After text and structure are extracted, the content is embedded into vector representations using language models. These embeddings capture the meaning of the content, not just keywords. You can then search across your entire document corpus using natural language queries, finding relevant passages even when they use different terminology than your search terms.
What is the processing latency for documents?
Processing time depends on document complexity, page count, and configured extractors. A typical single-page PDF processes in 1-3 seconds including OCR, layout analysis, and embedding generation. Multi-page documents are processed in parallel across pages. Batch processing of large document collections is distributed across workers for high throughput.
Can I process documents in languages other than English?
Yes. The OCR and text extraction models support over 100 languages. Embedding models are available for multilingual content, enabling semantic search across documents in any supported language. Language detection is automatic, so mixed-language document collections are handled without manual configuration.
How do I integrate document processing into my existing workflow?
Mixpeek provides a REST API for document upload and processing, an S3-compatible bucket trigger for automated processing of new documents, and webhooks for notification when processing completes. SDKs are available for Python and JavaScript. Documents can be uploaded individually or in batches.

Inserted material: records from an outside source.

Definition S_map (al : R) (r : R -> R) (p : R * R) : R * R :=
  (fst p + al, snd p + r (fst p)).
Definition S_inv (al : R) (r : R -> R) (p : R * R) : R * R :=
  (fst p - al, snd p - r (fst p - al)).
Definition S_iter (al : R) (r : R -> R) (m : Z) (p : R * R) : R * R :=
  match m with
  | Z0 => p
  | Zpos k => Nat.iter (Pos.to_nat k) (S_map al r) p
  | Zneg k => Nat.iter (Pos.to_nat k) (S_inv al r) p
  end.
Definition sigma (al : R) (r : R -> R) (n : nat) (x y : R) : R :=
  snd (Nat.iter n (S_map al r) (x, y)).

(* ---------- arcs of T^1 ----------
   Arc lo hi lc rc is the image in T^1 of the real interval from lo to hi,
   closed at lo iff lc, closed at hi iff rc (always used with lo <= hi <= lo+1). *)
Record arc := Arc { a_lo : R; a_hi : R; a_lc : bool; a_rc : bool }.
Definition cc (a b : R) : arc := Arc a b true true.
Definition co (a b : R) : arc := Arc a b true false.

Definition in_arc (A : arc) (p : R) : Prop :=
  exists k : Z,
    (if a_lc A then a_lo A <= p + IZR k else a_lo A < p + IZR k) /\
    (if a_rc A then p + IZR k <= a_hi A else p + IZR k < a_hi A).

Definition shift (c : R) (A : arc) : arc :=
  Arc (a_lo A + c) (a_hi A + c) (a_lc A) (a_rc A).
Definition refl (A : arc) : arc :=
  Arc (1 - a_hi A) (1 - a_lo A) (a_rc A) (a_lc A).

Definition lam (A : arc) : R := a_hi A - a_lo A.
Definition ov (a b c d : R) : R := Rmax 0 (Rmin b d - Rmax a c).
(* lambda(A ∩ I), I = image in T^1 of the real interval [c,d], 0<=c<=d<=1 *)
Definition lam_int (A : arc) (c d : R) : R :=
  let lo' := frac (a_lo A) in
  let hi' := a_hi A - a_lo A + lo' in
  ov lo' hi' c d + ov (lo' - 1) (hi' - 1) c d.

Definition dirac (y : R) (A : arc) : R :=
  if excluded_middle_informative (in_arc A y) then 1 else 0.

Definition Rin_open (a b z : R) : bool :=
  if Rlt_dec a z then (if Rlt_dec z b then true else false) else false.
Definition Req_b (a b : R) : bool := if Req_EM_T a b then true else false.

Definition mu0 (xb1 xb2 x1s y1s : R) (psi phi : R -> R) (x : R) (A : arc) : R :=
  let xr := frac x in
  let onI (u : R) (B : arc) :=
    lam_int B (Rmin (psi u) (phi u)) (Rmax (psi u) (phi u)) / Rabs (phi u - psi u) in
  if Rin_open xb1 xb2 xr then
    (if Req_b xr x1s then dirac y1s A else onI xr A)
  else if Rin_open (xb1 + 1/2) (xb2 + 1/2) xr then
    (let u := xr - 1/2 in
     if Req_b u x1s then dirac (1 - y1s) A   (* x = x2*, y2* = 1 - y1* *)
     else onI u (refl A))
  else lam A.

(* mu^n_x(A) = mu^0_{R^n x}(sigma^n_x(A));  sigma^n_x is the translation
   by sigma^n_x(0). *)
Definition mun (al : R) (r : R -> R) (xb1 xb2 x1s y1s : R) (psi phi : R -> R)
    (n : nat) (x : R) (A : arc) : R :=
  mu0 xb1 xb2 x1s y1s psi phi (x + INR n * al) (shift (sigma al r n x 0) A).

Definition series (s : nat -> R) : R := epsilon (inhabits 0) (fun l => infinite_sum s l).

Definition mu (al : R) (r : R -> R) (xb1 xb2 x1s y1s : R) (psi phi : R -> R)
    (x : R) (A : arc) : R :=
  / 2 * (lam A + series (fun n => (/ 2) ^ (S n) * mun al r xb1 xb2 x1s y1s psi phi n x A)).

Definition cont_on (a b : R) (f : R -> R) : Prop :=
  forall x, a <= x <= b -> forall eps, eps > 0 -> exists del, del > 0 /\
    forall x', a <= x' <= b -> Rabs (x' - x) < del -> Rabs (f x' - f x) < eps.

Definition liminf_ge (u : nat -> R) (a : R) : Prop :=
  forall eps, eps > 0 -> exists N, forall j, (j >= N)%nat -> a - eps <= u j.
Definition limsup_le (u : nat -> R) (b : R) : Prop :=
  forall eps, eps > 0 -> exists N, forall j, (j >= N)%nat -> u j <= b + eps.
Definition liminf_le_limsup (u : nat -> R) : Prop :=
  forall a b, a > b -> ~ (liminf_ge u a /\ limsup_le u b).

Definition cvT (xs : nat -> R) (x0 : R) : Prop :=
  forall eps, eps > 0 -> exists N, forall j, (j >= N)%nat -> distT (xs j) x0 < eps.

Definition cont2_at (F : R -> R -> R) (x0 y0 : R) : Prop :=
  forall eps, eps > 0 -> exists del, del > 0 /\
    forall x y, 0 <= y <= 1 -> distT x x0 < del -> Rabs (y - y0) < del ->
      Rabs (F x y - F x0 y0) < eps.

From Pilot Require Import Defs.
From Stdlib Require Import Reals Lra Lia ClassicalEpsilon Classical.
Open Scope R_scope.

Does Mixpeek preserve the original document layout?
Yes. The layout analysis stage identifies structural elements like headers, paragraphs, lists, tables, and figures along with their spatial coordinates and reading order. This structural metadata is stored alongside the extracted text, enabling applications that need to reconstruct the original document layout or reference specific regions.